Sign up, read some of the .pdf, fill out the excel spreadsheet, go sick.


----------



## Hayesy (Aug 15, 2011)

Barker said:


> Www.stronglifts.com
> 
> Sign up, read some of the .pdf, fill out the excel spreadsheet, go sick.


Dear Lifter,

I have no idea how you found this website.

Maybe you heard about it on some other website. Maybe a friend recommended it to you.

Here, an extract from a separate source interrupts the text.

(* Let $c$ be a positive integer and $c/(c+1)\le\vartheta<1$. Let $(Z_t)$ be the random walk of the context with $r=1$. Define the rational function $$\xi(w)=\frac{[(1-\vartheta)(c+1)-1]w^2+[2-(1-\vartheta)(c+1)]w-(1-\vartheta)w^{c+1}-\vartheta}{(1-\vartheta)w^{c+2}-(1-\vartheta)w^{c+1}-w^2+(1+\vartheta)w-\vartheta},\quad w\in(-1,1).$$ Then $\pi(u,c,1,\vartheta)=\xi^{(u)}(0)/u!$ for all $u\in\mathbb{N}$, where $\xi^{(u)}(0)$ is the $u$-th derivative of $\xi$ at $w=0$. Consequently, for the single-agent trust model with prior parameters $\alpha,\beta\in\mathbb{N}$ and $r=1$, $p_{\rm quit}=\pi(u_{\rm crit},c,1,\vartheta)$ with $u_{\rm crit}=\alpha-c\beta+1$.
   Context: Random walk: for $\vartheta\in(0,1)$ and positive integers $c,r$, let $Z_0=0$ and $Z_t=Z_{t-1}+\Delta_t$ with $\Delta_t$ i.i.d., $\Delta_t=+c$ with probability $1-\vartheta$ and $-r$ with probability $\vartheta$. Define $\pi(u,c,r,\vartheta):=\mathbb{P}(\exists t\ge0: Z_t\ge u)$. Single-agent trust model: $(X_t)$ i.i.d. Bernoulli$(\vartheta)$; $\hat S_t=\sum_{s\le t}X_s\mathbf{1}_{\{A_s=1\}}$, $\hat F_t=\sum_{s\le t}(1-X_s)\mathbf{1}_{\{A_s=1\}}$, $\hat\vartheta_t=\frac{\alpha+\hat S_t}{\alpha+\beta+\hat S_t+\hat F_t}$; $A_t=1$ iff $r\hat\vartheta_n-c(1-\hat\vartheta_n)\ge0$ for all $n\le t-1$; $\tau:=\inf\{t\in\mathbb{N}\cup\{\infty\}: r\hat\vartheta_t-c(1-\hat\vartheta_t)<0\}$; $p_{\rm quit}:=\mathbb{P}(\tau<\infty)$. *)

From Stdlib Require Import Reals Lra Lia ZArith List.
From Coquelicot Require Import Coquelicot.
Open Scope R_scope.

Perhaps you stumbled on it by pure dumb luck.

But, however you got here, you have arrived at what is, without question, the most powerful strength and muscle building strategies on the entire Internet!

Love it already


----------



## Hayesy (Aug 15, 2011)

Started the Bill Starr Power Routine

Squat 5x5

40kg 45kg 50kg 55kg 60kg

Bench 5x5

30kg 35kg 40kg 45kg 50kg

Poweclean 5x5

20kg 25kg 30kg 35kg 40kg

Weighted Hyperextentions 2 sets 25

10kg plate

Weighted sit ups 4 sets 25

10kg Plate


----------



## Hayesy (Aug 15, 2011)

Defo a lot stronger than this, just need to fiddle with the weights, was able to complete it all without really breaking a sweat, powercleans were a little hard on the last set

Any Tips


----------



## Hayesy (Aug 15, 2011)

Didnt really want to pump this but wanted everyone to chip in with advice etc if thats ok lads!

Thanks again


----------